Health n NutritionPeanuts are a Power Food!

Peanuts and peanut butter are protein powerhouses providing over 10% of the U.S. recommended daily intake (RDI) per 1 ounce (28g) serving of peanuts or 2 tablespoons (23g) of peanut butter. In addition to protein, peanuts are packed with important vitamins and minerals, including resveratrol found in the skins. Not only are peanuts a nutritional powerhouse, but confer many health and nutritional benefits.

Peanuts move into the health spotlight

World scientific and consumer interest in peanuts as part of healthy eating patterns continues to grow. Yet not too many years ago, peanuts were on “don’t eat” lists for many people in the developed world. That’s because conventional nutrition advice judged foods one-dimensionally and  this influenced the public to focus mainly on their fat and calorie content. How times change. Over the past two decades, nutrition research has made big strides in understanding the health characteristics of different types of fat, leading to a clearer understanding of the beneficial role of unsaturated fats (the type overwhelming found in peanut products) particularly for heart health.  

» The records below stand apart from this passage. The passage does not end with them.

Lemma monotone_window_dir a b s l r : monotone_window a b s l r ->
  forall x y, l < x -> x < y -> y < r ->
  0 < a * (1 - b * s) * (G a b s y - G a b s x) /\
  0 < a * (1 - b * s) * (Gbar a b s y - Gbar a b s x) /\
  0 < a * (1 - b * s) * (- qmu a b s y - - qmu a b s x).
Proof.
intros Hwin x y Hx Hxy Hy. split; [|split]; revert x y Hx Hxy Hy.
- apply (strict_mono_of_deriv_sign _ (fun t => Gbar a b s t * (1 + t * Gbar_logderiv b s t))).
  + intros t Ht. apply is_derive_G, (Hwin t Ht).
  + intros t Ht. destruct (Hwin t Ht) as (_ & Hadm & Hcrit).
    rewrite Rmult_comm, Rmult_assoc.
    apply Rmult_lt_0_compat; [apply Gbar_pos|].
    rewrite Rmult_comm. apply G_deriv_sign; assumption.
- apply (strict_mono_of_deriv_sign _ (fun t => Gbar a b s t * Gbar_logderiv b s t)).
  + intros t Ht. apply is_derive_Gbar, (Hwin t Ht).
  + intros t Ht. destruct (Hwin t Ht) as (Ht01 & Hadm & _).
    rewrite Rmult_comm, Rmult_assoc.
    apply Rmult_lt_0_compat; [apply Gbar_pos|].
    rewrite Rmult_comm. apply Gbar_logderiv_sign; [lra|assumption].
- apply (strict_mono_of_deriv_sign (fun t => - qmu a b s t)
           (fun t => - (- (1 - b * s) / (a * (1 - s * (1 - t)) ^ 2)))).
  + intros t Ht. destruct (Hwin t Ht) as (_ & [Hq _] & _).
    destruct (qmu_pos_nonzero a b s t Hq) as (Ha & Hw & _).
    apply (is_derive_opp (qmu a b s)), is_derive_qmu; auto.
  + intros t Ht. destruct (Hwin t Ht) as (_ & [Hq Hr] & _).
    destruct (qmu_pos_nonzero a b s t Hq) as (Ha & Hw & _).
    rewrite one_add_qmu in Hr by exact Hq.
    replace (a * (1 - b * s) * - (- (1 - b * s) / (a * (1 - s * (1 - t)) ^ 2)))
      with (((1 - b * s) / (1 - s * (1 - t))) ^ 2) by (field; auto).
    apply pow_lt, Hr.
Qed.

For the American peanut industry and its worldwide customers, nutritional investigations and support for health and food services professionals and consumers wanting to learn more about peanuts have been spearheaded by The Peanut Institute and supported by many industry groups.

Claims and Guidelines

The United States approved a qualified health claim as early as 2003 for peanuts based around heart-healthy fats. In 2011, the European Union took this further by approving a health claim for foods such as peanuts, peanut butter made from 100% peanuts and peanut oil reflecting the heart healthy characteristics of the unsaturated fatty acids (predominantly monounsaturated oleic acid as found in olive oil) in these products. APC led the work which resulted in the European health claim for healthy fats found in such foods as peanuts, peanut butter and peanut oil and is able to advise users of US peanuts about communications and labelling implications of health and nutrition claims applying to peanut products.

Nutrient density – a new consensus

A new consensus is forming around the nutrient density of foods. That means seeing the nutritional attractiveness of a food in terms of the types and ratios of fat it contains plus macro and micro-nutrients per serving - rather than just calories. From that perspective, peanuts have clearly moved center stage and into the health spotlight.

The Dietary Guidelines for Americans, 2010 recommend foods like peanuts because they are high protein packages that include healthy fats and nutrients like dietary fiber, potassium, folate, vitamin E, thiamin, and magnesium.   Nutrient dense foods help maintain good nutrition and calorie balance. Research shows that frequent peanut eaters do not gain weight when following a healthy diet and replacing less healthy fats and snacks with peanuts.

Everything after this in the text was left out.